Start MirrorMaker 2.0. Use the connect-mirror-maker.sh script to start the process.

The script starts MirrorMaker 2.0 in standalone mode, and it begins replicating data from your source Kafka cluster to your Managed Service for Apache Kafka cluster.

Additional considerations:

Networking: Ensure that your Google Cloud VM has network connectivity to both your source Kafka cluster and your target Managed Service for Apache Kafka cluster. If your source cluster is on-premises, you might need to configure VPN or Interconnect.
Security: Configure appropriate security protocols and firewall rules to secure your MirrorMaker 2.0 instance and your Kafka clusters.

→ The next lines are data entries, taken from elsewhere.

(* Let $n\ge 2$ and $k\in\{0,\dots,n-1\}$, and let $\vec m=(m_1,\dots,m_{n-1})^t\in\mathbb{Z}_{\ge0}^{n-1}$ satisfy $k+\sum_{i=1}^{n-1} i\,m_i\equiv 0 \pmod n$. Put $N=\sum_{i=1}^{n-1}m_i$ and define heights $h_1,\dots,h_N$ by: $h_1=\dots=h_{m_{n-1}}=n-1$, the next $m_{n-2}$ of them equal $n-2$, and so on, the last $m_1$ of them equal $1$ (i.e. the sequence is weakly decreasing and the value $i$ occurs exactly $m_i$ times). Put $h_0=n$ and $w_a=2n-h_{a-1}-h_a$ for $1\le a\le N$. Then the parent graph associated to $\vec m$, i.e. the Ferrers graph with interpolating matrix $\begin{pmatrix} w_1&\cdots&w_N\\ h_1&\cdots&h_N\end{pmatrix}$, has $$\sum_{a=1}^{N} h_a\,(w_1+w_2+\dots+w_a)=n\,\vec m^{\,t}C^{-1}\vec m$$ nodes, where $C$ is the Cartan matrix of $sl(n)$.
   Context: $C$ is the $(n-1)\times(n-1)$ Cartan matrix of $sl(n)$, $C_{ij}=2\delta_{i,j}-\delta_{i,j-1}-\delta_{i,j+1}$, whose inverse is $(C^{-1})_{ij}=i(n-j)/n$ for $i\le j$ and $j(n-i)/n$ for $i>j$. The Ferrers graph with interpolating matrix $\begin{pmatrix} w_1&\cdots&w_N\\ h_1&\cdots&h_N\end{pmatrix}$ (positive integers) is the diagram whose profile, starting from $(0,-H)$ with $H=\sum h_a$, moves $w_1$ steps right, $h_1$ steps up, $w_2$ steps right, etc., ending at $(W,0)$ with $W=\sum w_a$; its number of nodes is $\sum_{a=1}^N h_a(w_1+\dots+w_a)$. *)

From mathcomp Require Import all_boot all_order all_algebra.
Set Implicit Arguments. Unset Strict Implicit. Unset Printing Implicit Defensive.
Import GRing.Theory Num.Theory.

Definition cartan (n : nat) : 'M[rat]_(n.-1) :=
  \matrix_(i < n.-1, j < n.-1)
    ((2 * (i == j :> nat))%N%:R - (i.+1 == j :> nat)%N%:R - (j.+1 == i :> nat)%N%:R)%R.

(* The vector m = (m_1,...,m_{n-1}) is given as m : 'I_(n.-1) -> nat,
   with m_i = m (i-1) (0-based).  *)
Definition mvec (n : nat) (m : 'I_n.-1 -> nat) : 'rV[rat]_(n.-1) :=
  \row_i ((m i)%:R)%R.

Definition heights (n : nat) (m : 'I_n.-1 -> nat) : seq nat :=
  flatten [seq nseq (m j) j.+1 | j <- rev (enum 'I_n.-1)].

Definition hgt (n : nat) (m : 'I_n.-1 -> nat) (a : nat) : nat :=
  if a == 0 then n else nth 0 (heights m) a.-1.

Definition wdt (n : nat) (m : 'I_n.-1 -> nat) (a : nat) : nat :=
  2 * n - hgt m a.-1 - hgt m a.

Definition ferrers_nodes (w h : nat -> nat) (N : nat) : nat :=
  \sum_(1 <= a < N.+1) h a * \sum_(1 <= b < a.+1) w b.

(* Since h_0 = n, the partial sums of widths telescope:
   w_1 + ... + w_a = (2a - 1) n - 2 (h_1 + ... + h_(a-1)) - h_a.  As the heights
   decrease, adding h_(N+1) raises sum_(a,b <= N) min(h_a, h_b) by (2N + 1) h_(N+1),
   and induction on N gives  #nodes = n sum_(a,b) min(h_a, h_b) - (sum_a h_a)^2.
   On the other side C^-1 has entries min(i, j) - ij/n, so
   n m^t C^-1 m = n sum_(i,j) m_i m_j min(i, j) - (sum_i i m_i)^2, which is the
   same expression with the heights grouped by value. *)

From mathcomp Require Import all_boot all_order all_algebra.
From mathcomp Require Import zify ring.
Import GRing.Theory Num.Theory.
Local Open Scope ring_scope.

Definition parent_width (n : nat) (h : nat -> nat) (a : nat) : nat :=
  (2 * n - h a.-1 - h a)%N.

Definition height_sum (R : pzSemiRingType) (h : nat -> nat) (N : nat) : R :=
  \sum_(1 <= a < N.+1) (h a)%:R.

Definition pair_min_sum (R : pzSemiRingType) (h : nat -> nat) (N : nat) : R :=
  \sum_(1 <= a < N.+1) \sum_(1 <= b < N.+1) (minn (h a) (h b))%:R.

Lemma height_sumS (R : pzSemiRingType) h N :
  height_sum R h N.+1 = height_sum R h N + (h N.+1)%:R.
Proof. exact: big_nat_recr. Qed.

Section FerrersNodes.
Variables (R : comPzRingType) (n : nat) (h : nat -> nat).
Hypotheses (h0 : h 0%N = n) (h_nonincr : {homo h : a b /~ (a <= b)%N}).

Lemma natr_parent_width a :
  (parent_width n h a)%:R = 2 * n%:R - (h a.-1)%:R - (h a)%:R :> R.
Proof.
have le_n b : (h b <= n)%N by rewrite -h0 h_nonincr.
rewrite /parent_width !natrB ?natrM //.
all: have := le_n a; have := le_n a.-1; lia.
Qed.

Lemma sum_parent_width a :
  \sum_(1 <= b < a.+2) (parent_width n h b)%:R
  = (2 * a%:R + 1) * n%:R - 2 * height_sum R h a - (h a.+1)%:R :> R.
Proof.
elim: a => [|a IH].
  by rewrite big_nat1 natr_parent_width /height_sum big_geq //= h0; ring.
rewrite big_nat_recr //= IH natr_parent_width height_sumS -pred_Sn.
by rewrite -[a.+1%:R]natr1; ring.
Qed.

Lemma pair_min_sumS N :
  pair_min_sum R h N.+1 = pair_min_sum R h N + (2 * N%:R + 1) * (h N.+1)%:R.
Proof.
have min_last a : (a <= N.+1)%N -> minn (h a) (h N.+1) = h N.+1.
  by move=> le_a; apply/minn_idPr/h_nonincr.
rewrite /pair_min_sum big_nat_recr //= (eq_big_nat _ _ (m := 1) (n := N.+1)
  (F2 := fun a => \sum_(1 <= b < N.+1) (minn (h a) (h b))%:R + (h N.+1)%:R)).
- rewrite big_split (eq_big_nat _ _ (m := 1) (n := N.+2) (F2 := fun=> (h N.+1)%:R)).
    by rewrite !sumr_const_nat !subn1 /= mulrSr -[_ *+ N]mulr_natr; ring.
  by move=> b /andP[_ le_b]; rewrite minnC min_last.
- by move=> a /andP[_ /ltnW le_a]; rewrite big_nat_recr //= min_last.
Qed.

Lemma ferrers_nodes_parent_width N :
  (ferrers_nodes (parent_width n h) h N)%:R
  = n%:R * pair_min_sum R h N - height_sum R h N ^+ 2 :> R.
Proof.
elim: N => [|N IH].
  by rewrite /ferrers_nodes /pair_min_sum /height_sum !big_geq //; ring.
rewrite /ferrers_nodes big_nat_recr //= natrD -/(ferrers_nodes _ _ N) IH.
rewrite natrM natr_sum sum_parent_width pair_min_sumS height_sumS.
ring.
Qed.

End FerrersNodes.

Lemma pairwise_flatten_nseq (I : eqType) (c f : I -> nat) (s : seq I) :
  pairwise (fun i j => f j <= f i)%N s ->
  pairwise geq (flatten [seq nseq (c i) (f i) | i <- s]).
Proof.
elim: s => //= i s IH /andP[/allP f_i_ge /IH pw_s].
rewrite pairwise_cat pw_s andbT; apply/andP; split.
  apply/allrelP => _ _ /nseqP[-> _] /flattenP[_ /mapP[j j_s ->] /nseqP[-> _]].
  exact: f_i_ge.
elim: (c i) => //= k ->; rewrite all_nseq andbT; apply/orP; right; exact: leqnn.
Qed.

Section Heights.
Variables (n : nat) (m : 'I_n.-1 -> nat).

Lemma sum_heights (V : nmodType) (F : nat -> V) :
  \sum_(x <- heights m) F x = \sum_(j < n.-1) F j.+1 *+ m j.
Proof.
rewrite /heights big_flatten big_map big_rev big_enum /=.
by apply: eq_bigr => j _; rewrite big_nseq iter_addr_0.
Qed.

Lemma size_heights : size (heights m) = (\sum_(j < n.-1) m j)%N.
Proof. by rewrite -sum1_size sum_heights; under eq_bigr do rewrite natn. Qed.

Lemma heights_pairwise : pairwise geq (heights m).
Proof.
apply: pairwise_flatten_nseq.
rewrite -sorted_pairwise ?rev_sorted; last by move=> ? ? ? /=; lia.
have : sorted leq (map val (enum 'I_n.-1)) by rewrite val_enum_ord iota_sorted.
by rewrite sorted_map.
Qed.

Lemma heights_lt x : x \in heights m -> (x < n)%N.
Proof. by move=> /flattenP[_ /mapP[j _ ->] /nseqP[-> _]]; have := ltn_ord j; lia. Qed.

Lemma hgt_nonincr : {homo hgt m : a b /~ (a <= b)%N}.
Proof.
have nth_le_n b : (nth 0 (heights m) b <= n)%N.
  case: (ltnP b (size (heights m))) => [/(mem_nth 0)/heights_lt/ltnW | ] //.
  by move/(nth_default 0)->.
case=> [|b] [|a] //= le_ab; rewrite /hgt /=; first exact: nth_le_n.
case: (ltnP b (size (heights m))) => [lt_b | /(nth_default 0)->] //.
move: le_ab; rewrite ltnS leq_eqVlt => /predU1P[-> // | lt_ab].
have lt_a : (a < size (heights m))%N := ltn_trans lt_ab lt_b.
by move/(pairwiseP 0): heights_pairwise; apply.
Qed.

Lemma sum_hgt (V : nmodType) (F : nat -> V) :
  \sum_(1 <= a < (size (heights m)).+1) F (hgt m a) = \sum_(x <- heights m) F x.
Proof. by rewrite big_add1 /= [RHS](big_nth 0). Qed.

Lemma height_sum_hgt (R : comPzRingType) :
  height_sum R (hgt m) (size (heights m)) = \sum_(j < n.-1) (m j)%:R * j.+1%:R.
Proof.
rewrite /height_sum (sum_hgt _ (fun x => x%:R)) sum_heights.
by apply: eq_bigr => j _; rewrite mulr_natl.
Qed.

Lemma pair_min_sum_hgt (R : comPzRingType) :
  pair_min_sum R (hgt m) (size (heights m))
  = \sum_(i < n.-1) \sum_(j < n.-1) (m i)%:R * (m j)%:R * (minn i.+1 j.+1)%:R.
Proof.
rewrite /pair_min_sum (sum_hgt _ (fun x => \sum_(1 <= b < _) (minn x (hgt m b))%:R)).
rewrite sum_heights; apply: eq_bigr => i _.
rewrite (sum_hgt _ (fun x => (minn i.+1 x)%:R)) sum_heights -sumrMnl.
by apply: eq_bigr => j _; rewrite -mulrA !mulr_natl.
Qed.

End Heights.

Lemma minn_second_difference a b :
  (minn a.+1 b).*2 = (minn a b + minn a.+2 b + (a.+1 == b))%N.
Proof. by case: eqP => [<- | ne_ab]; lia. Qed.

Lemma sum_ord_delta (R : pzSemiRingType) p c (F : nat -> R) :
  \sum_(k < p) (k == c :> nat)%:R * F k = if (c < p)%N then F c else 0.
Proof. by under eq_bigr do rewrite mulr_natl mulrb; rewrite -big_mkcond big_ord1_eq. Qed.

Definition cartan_inv (n : nat) : 'M[rat]_(n.-1) :=
  \matrix_(i, j) ((minn i.+1 j.+1)%:R - (i.+1 * j.+1)%:R / n%:R).

Lemma mul_cartan_inv n : cartan n *m cartan_inv n = 1%:M.
Proof.
apply/matrixP => i j; rewrite !mxE.
have n_neq0 : n%:R != 0 :> rat by rewrite pnatr_eq0; have := ltn_ord i; lia.
(* [f a] is entry (a, j) of [cartan_inv n] in 1-based indices; it vanishes at
   a = 0 and a = n, which absorbs the boundary rows of the Cartan matrix. *)
pose f a : rat := (minn a j.+1)%:R - (a * j.+1)%:R / n%:R.
have f0 : f 0%N = 0 by rewrite /f min0n mul0n mul0r subrr.
have fn : f n = 0.
  rewrite /f natrM mulrAC divff // mul1r (minn_idPr _) ?subrr //.
  by have := ltn_ord j; lia.
have f_second_difference a : 2 * f a.+1 - f a.+2 - f a = (a.+1 == j.+1)%:R.
  have /(congr1 (fun x => x%:R : rat)) := minn_second_difference a j.+1.
  rewrite -muln2 !natrD natrM => min_eq.
  have -> : (a.+1 == j.+1)%:R = (minn a.+1 j.+1)%:R * 2 - (minn a j.+1)%:R
                                 - (minn a.+2 j.+1)%:R :> rat.
    by rewrite min_eq; ring.
  by rewrite /f !natrM !mulrS; field.
have sum_shift c : (c < n.-1)%N ->
    \sum_(k < n.-1) (k.+1 == c :> nat)%:R * f k.+1 = f c.
  case: c => [_ | c lt_c]; first by rewrite f0 big1 // => k _; rewrite mul0r.
  under eq_bigr do rewrite eqSS.
  by rewrite (sum_ord_delta _ _ _ (fun k => f k.+1)) ifT //; lia.
rewrite (eq_bigr (fun k : 'I_n.-1 => 2 * ((k == i :> nat)%:R * f k.+1)
   - (k == i.+1 :> nat)%:R * f k.+1 - (k.+1 == i :> nat)%:R * f k.+1)); last first.
  by move=> k _; rewrite !mxE natrM (eq_sym (i : nat)) (eq_sym i.+1) /f; ring.
rewrite !sumrB -mulr_sumr !(sum_ord_delta _ _ _ (fun k => f k.+1)).
rewrite ltn_ord sum_shift //.
have -> : (if (i.+1 < n.-1)%N then f i.+2 else 0) = f i.+2.
  by case: ltnP => // ge_i; have -> : i.+2 = n by have := ltn_ord i; lia.
by rewrite f_second_difference eqSS.
Qed.

Lemma invmx_cartan n : invmx (cartan n) = cartan_inv n.
Proof.
have [cartan_unit _] := mulmx1_unit (mul_cartan_inv n).
by rewrite -[LHS]mulmx1 -(mul_cartan_inv n) mulmxA mulVmx // mul1mx.
Qed.

Lemma cartan_inv_quad_form n (v : 'I_n.-1 -> rat) :
  n%:R * (\row_i v i *m cartan_inv n *m (\row_i v i)^T) 0 0
  = n%:R * (\sum_i \sum_j v i * v j * (minn i.+1 j.+1)%:R)
    - (\sum_i v i * i.+1%:R) ^+ 2.
Proof.
case: n v => [|n] v; first by rewrite !big_ord0 !mul0r expr0n subr0.
rewrite expr2 mulr_suml !mulr_sumr -sumrB !mxE mulr_sumr.
under eq_bigr => j _ do rewrite !mxE mulr_suml mulr_sumr.
rewrite exchange_big; apply: eq_bigr => i _ /=.
rewrite !mulr_sumr -sumrB; apply: eq_bigr => j _.
by rewrite !mxE natrM; field; rewrite nat1r pnatr_eq0.
Qed.

Local Close Scope ring_scope.

Theorem lemma1 (n : nat) (k : 'I_n) (m : 'I_n.-1 -> nat)
  (hn : 2 <= n)
  (hcong : (k + \sum_(i < n.-1) i.+1 * m i = 0 %[mod n])%N) :
  let N := (\sum_(i < n.-1) m i)%N in
  ((ferrers_nodes (wdt m) (hgt m) N)%:R : rat)
    = (n%:R * (mvec m *m invmx (cartan n) *m (mvec m)^T) ord0 ord0)%R.
Proof.
rewrite /= -size_heights (@ferrers_nodes_parent_width rat n (hgt m)) //.
  by rewrite invmx_cartan cartan_inv_quad_form pair_min_sum_hgt height_sum_hgt.
exact: hgt_nonincr.
Qed.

By following these steps, you can successfully install and configure MirrorMaker 2.0 in standalone cluster mode on a Google Cloud VM to facilitate your Kafka data migration to Managed Service for Apache Kafka.

Monitoring

Monitor the MirrorMaker 2.0 process to ensure it's running correctly and replicating data as expected. You can use MirrorMaker 2's built-in metrics or other monitoring tools. After migrating your applications, monitor the following to validate success:

Downstream throughput rates: Ensure no significant changes in downstream throughput rates. For example, if you're using Dataflow downstream, the throughput and metrics related to Kafka must remain consistent.
CPU and memory utilization: Monitor the CPU and memory utilization of your Managed Service for Apache Kafka cluster using Cloud Monitoring. Utilization must ideally remain less than 75% to ensure optimal performance.
Error logs: Regularly check Cloud Logging for any error logs related to your Managed Service for Apache Kafka cluster or your applications. Address any errors promptly to prevent disruptions.

Limitations

MirrorMaker 2.0 requires your source Apache Kafka cluster to be version 2.4.0 or higher.